Barangay Fort Bonifacio is bounded by barangays of Magallanes, Dasmariñas, Forbes Park in Makati and the Embo barangays of Pitogo, South Cembo, and West Rembo in Taguig on the north; the barangays East Rembo and Pembo and a portion of the land claimed by barangay Ususan on the east; barangays Pinagsama and Western Bicutan on the south; and Barangay 183 in Pasay on the southwest.

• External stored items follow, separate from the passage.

Theorem theorem6 :
  exists c : R,
    (c <= 4 / sqrt 5 * golden_ratio)%R /\
    forall k : nat, 0 < k ->
    forall i : nat,
      exists m : nat, 0 < m /\ (INR m <= c * INR k)%R /\ antipower_at fibword i k m.
Proof.
exists (4 / sqrt 5 * golden_ratio)%R; split=> [|k k_gt0 i]; first exact: Rle_refl.
have k_ge1 : (1 <= INR k)%R by apply: (le_INR 1); lia.
have := tau_bounds => tau_bnd.
have [r [crossing small]] :
    exists r, (1 < 2 * INR k * tau ^ r.+1 /\ 2 * INR k * tau ^ r.+2 <= 1)%R.
  have [r [big small]] := pow_crossing tau (2 * INR k) ltac:(lra) ltac:(lra).
  case: r big small => [|r] big small; last by exists r.
  by rewrite /= in small; nra.
exists (2 * fib r.+2); split; first by rewrite muln_gt0 fib_gt0.
split; [exact: block_length_bound | exact: antipower_at_fibword].
Qed.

The barangay overlaps two Inner Fort barangays previously claimed by Makati, namely: Post Proper Northside, which has been occupied by Bonifacio Global City, and Post Proper Southside, which is mainly occupied by the Fort Andres Bonifacio and McKinley West. Since 2023, both barangays are part of Taguig as well. Although the geographical expanse of Fort Bonifacio spans from Maricaban Creek in the north to Lawton Avenue in the south, the Consular Area along Lawton Avenue remains under the jurisdiction of Post Proper Southside, which also houses its barangay hall in that area.

The Bonifacio High Street forms the physical core of Bonifacio Global City and is essentially designed as a three-by-three matrix of high-tech offices and residential buildings, retail outlets and pedestrian-friendly roads and walkways. The grid approach ensures a city center that is easy to navigate. The 5th and 11th Avenues and 32nd and 26th Streets serve as the boundaries of the city center. The One Bonifacio High Street, where the PSE Tower, which houses the unified trading floor of the Philippine Stock Exchange, along with the Shangri-La at the Fort, Manila is also located.